Sigh. I just got to see my boyfriend after two weeks apart and I must say that I wasn't...excited. I used to get so excited to see this guy, so much so that my heart would pound, I would get butterflies in my stomach, and my hands would even shake sometimes. All of that is gone now. I guess when someone moves in with you and you're around them a lot, the excitement and the novelty wears off pretty quick.

We were all at his mom's house visiting with his family, and during conversation, he basically implied that he wouldn't mind getting fired from his job and collecting unemployment. That pissed me off because he KNOWS how much anger I have towards my older sister who did just that. She got fired after a month at her job and then she sat on her ass in my mom's house collecting unemployment for 2 years, all the while not contributing a dime to bills or lifting a single manicured finger to help with household chores. So no, him even saying that didn't sit well with me since I work very hard every day. I don't like lazy people. It didn't help that his mom ordered him an Xbox 360 right then and there as his late Christmas present. I HATE having to sit there and watch him play these boring games, and even worse, that's all he'll be doing on his days off from his part-time job instead of finding a real job.

After his younger siblings, mom, and stepdad went upstairs to bed, he was kissing me and cuddling up to me on the couch, saying he loves me and that he missed me, but I...I just wasn't feeling it. He and his brother wanted to watch Breaking Bad and Dexter on Netflix, both shows I don't watch. I really didn't feel like sitting there watching shows I'm not into while they had brother talk, so I said I was tired and wanted to go home. N really tried to get me to spend the night, but there's no way I was going to do that because I didn't even have pajamas or a tooth brush with me. Plus, I've been enjoying sleeping in a bed BY MYSELF. I really don't like sleeping with someone else in the bed, especially someone who acts out his dreams. Just earlier today, N texted me that he punched a wall in our bedroom during his sleep last night because he was dreaming he was in a fight. Hmm, had I been sleeping next to him, I probably would have gotten punched in the head.
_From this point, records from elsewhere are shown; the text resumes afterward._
(* Let $M$ be a connected two-dimensional manifold and $f:M\to\mathbb{R}^{0,2,1}$ a non-degenerate immersion. Suppose there is $\lambda\in C^\infty(M)$ with $h=\lambda g$, and suppose $f$ is not $d$-totally geodesic, i.e. $h\not\equiv0$. Then $\lambda$ is a nonzero constant. Moreover, there are constants $A,B,C\in\mathbb{R}$ such that $f(M)$ is an open subset of the paraboloid of revolution $$\left\{\left(u,v,\tfrac{\lambda}{2}(u^2+v^2)+Au+Bv+C\right)\ :\ (u,v)\in\mathbb{R}^2\right\}.$$ In particular, up to an affine isometry of $\mathbb{R}^{0,2,1}$, $f(M)$ is an open subset of $\{(u,v,u^2+v^2):(u,v)\in\mathbb{R}^2\}$.
   Context: $\mathbb{R}^{0,2,1}$ denotes $\mathbb{R}^3$ with coordinates $(x,y,z)$ and the degenerate form $(\cdot,\cdot)=dx^2+dy^2$. A non-degenerate immersion is a $C^\infty$ immersion $f:M\to\mathbb{R}^{0,2,1}$ of a 2-manifold whose induced metric $g=f^*(\cdot,\cdot)$ is positive definite. Let $\xi=(0,0,1)$ and let $d$ be the standard flat connection of $\mathbb{R}^3$ (componentwise differentiation). Since $\mathbb{R}^3=df(T_pM)\oplus\mathbb{R}\xi$, one can decompose $d_X(df(Y))=df(\nabla_XY)+h(X,Y)\xi$, where $\nabla$ is the Levi-Civita connection of $g$ and $h$ is a symmetric $(0,2)$-tensor called the second fundamental form. $f$ is $d$-totally geodesic if $h\equiv0$. An affine isometry of $\mathbb{R}^{0,2,1}$ is a map $p\mapsto Pp+b$ with $b\in\mathbb{R}^3$ and $P=\begin{pmatrix}T&0\\ (a\ \ b')&c\end{pmatrix}$, where $T\in O(2)$, $a,b',c\in\mathbb{R}$ and $c\neq0$. *)

From Stdlib Require Import Reals List.
Open Scope R_scope.

Definition R2 : Type := (R * R)%type.
Definition dist2 (p q : R2) : R :=
  Rmax (Rabs (fst p - fst q)) (Rabs (snd p - snd q)).
Definition open2 (U : R2 -> Prop) : Prop :=
  forall p, U p -> exists e, 0 < e /\ forall q, dist2 q p < e -> U q.
Definition cont2_on (U : R2 -> Prop) (F : R2 -> R) : Prop :=
  forall p, U p -> forall e, 0 < e -> exists d, 0 < d /\
    forall q, U q -> dist2 q p < d -> Rabs (F q - F p) < e.
Definition pd1_on (U : R2 -> Prop) (F G : R2 -> R) : Prop :=
  forall x y, U (x, y) -> derivable_pt_lim (fun t => F (t, y)) x (G (x, y)).
Definition pd2_on (U : R2 -> Prop) (F G : R2 -> R) : Prop :=
  forall x y, U (x, y) -> derivable_pt_lim (fun t => F (x, t)) y (G (x, y)).

(** [derivs U F D]: D l is the iterated partial derivative of F indexed by l
    (false = d/du, true = d/dv; D (a :: l) = d_a (D l)); all exist and are
    continuous on U.  So D [a;b] = d_a d_b F. *)
Definition derivs (U : R2 -> Prop) (F : R2 -> R) (D : list bool -> R2 -> R) : Prop :=
  (forall p, U p -> D nil p = F p) /\
  forall l, pd1_on U (D l) (D (false :: l)) /\ pd2_on U (D l) (D (true :: l))
            /\ cont2_on U (D l).
Definition smooth_on (U : R2 -> Prop) (F : R2 -> R) : Prop := exists D, derivs U F D.

(** * Smooth 2-manifolds given by a smooth atlas (charts are parametrizations
      chart i : cdom i -> M).  Topology: final topology of the charts. *)
Record surface := {
  pt : Type;
  cidx : Type;
  cdom : cidx -> R2 -> Prop;
  chart : cidx -> R2 -> pt;
  cdom_open : forall i, open2 (cdom i);
  chart_inj : forall i p q, cdom i p -> cdom i q -> chart i p = chart i q -> p = q;
  chart_cover : forall m, exists i p, cdom i p /\ chart i p = m;
  trans_open : forall i j,
    open2 (fun p => cdom i p /\ exists q, cdom j q /\ chart j q = chart i p);
  trans_smooth : forall i j, exists t1 t2 : R2 -> R,
    (forall p, cdom i p -> (exists q, cdom j q /\ chart j q = chart i p) ->
       cdom j (t1 p, t2 p) /\ chart j (t1 p, t2 p) = chart i p) /\
    smooth_on (fun p => cdom i p /\ exists q, cdom j q /\ chart j q = chart i p) t1 /\
    smooth_on (fun p => cdom i p /\ exists q, cdom j q /\ chart j q = chart i p) t2;
  surf_hausdorff : forall m1 m2 : pt, m1 <> m2 -> exists O1 O2 : pt -> Prop,
    (forall i, open2 (fun p => cdom i p /\ O1 (chart i p))) /\
    (forall i, open2 (fun p => cdom i p /\ O2 (chart i p))) /\
    O1 m1 /\ O2 m2 /\ (forall m, ~ (O1 m /\ O2 m));
  surf_countable : exists e : nat -> cidx,
    forall m, exists n p, cdom (e n) p /\ chart (e n) p = m
}.

Definition sopen (S : surface) (O : pt S -> Prop) : Prop :=
  forall i, open2 (fun p => cdom S i p /\ O (chart S i p)).

Definition connected (S : surface) : Prop :=
  forall O1 O2 : pt S -> Prop, sopen S O1 -> sopen S O2 ->
    (forall m, O1 m \/ O2 m) -> (forall m, ~ (O1 m /\ O2 m)) ->
    (forall m, O1 m) \/ (forall m, O2 m).

Definition smoothM (S : surface) (F : pt S -> R) : Prop :=
  forall i, smooth_on (cdom S i) (fun p => F (chart S i p)).

Record R3 := mk3 { x3 : R; y3 : R; z3 : R }.
Definition dist3 (p q : R3) : R :=
  Rmax (Rabs (x3 p - x3 q)) (Rmax (Rabs (y3 p - y3 q)) (Rabs (z3 p - z3 q))).

Definition chart_derivs (S : surface) (f : pt S -> R3) (i : cidx S)
  (D1 D2 D3 : list bool -> R2 -> R) : Prop :=
  derivs (cdom S i) (fun p => x3 (f (chart S i p))) D1 /\
  derivs (cdom S i) (fun p => y3 (f (chart S i p))) D2 /\
  derivs (cdom S i) (fun p => z3 (f (chart S i p))) D3.

(** induced metric g = f^*(dx^2+dy^2) in the chart, g(d_a, d_b) *)
Definition gcoef (D1 D2 : list bool -> R2 -> R) (a b : bool) (p : R2) : R :=
  D1 (a :: nil) p * D1 (b :: nil) p + D2 (a :: nil) p * D2 (b :: nil) p.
N was pouting that we barely got to visit with each other, and that's true. I was only there for about 3 hours, and most of the time was spent talking with his family, so we didn't have any time just to ourselves. Oh well, I kind of didn't want it anyway. While N was begging me to stay, he was hinting that he had my Christmas gift upstairs in his room for me. I knew he just wanted me to go upstairs to his room so he could pounce on me, and I just wasn't in the mood for that. I'm not even on the rag or anything, so I don't know why I'm in such a mood.

I don't know why I'm feeling like this and it kind of sucks...I used to want nothing more than for N to be mine, and now I'm just not feeling it anymore. I guess the whole "chase" thing is over now that he's actually my boyfriend, and all of the mystery is gone now that he lives with me. It just doesn't seem like any fun anymore, at least not for me. I don't see how having a guy kiss me and say he loves me is NOT fun, but I don't know. It's just not the same. And like I said before, now that we're in an actual relationship, I can't help but take his character flaws more seriously, like the whole only working part-time and then implying he wish he would get fired so he could collect unemployment...I want someone who has goals and ambition, not someone who is lazy and getting no where.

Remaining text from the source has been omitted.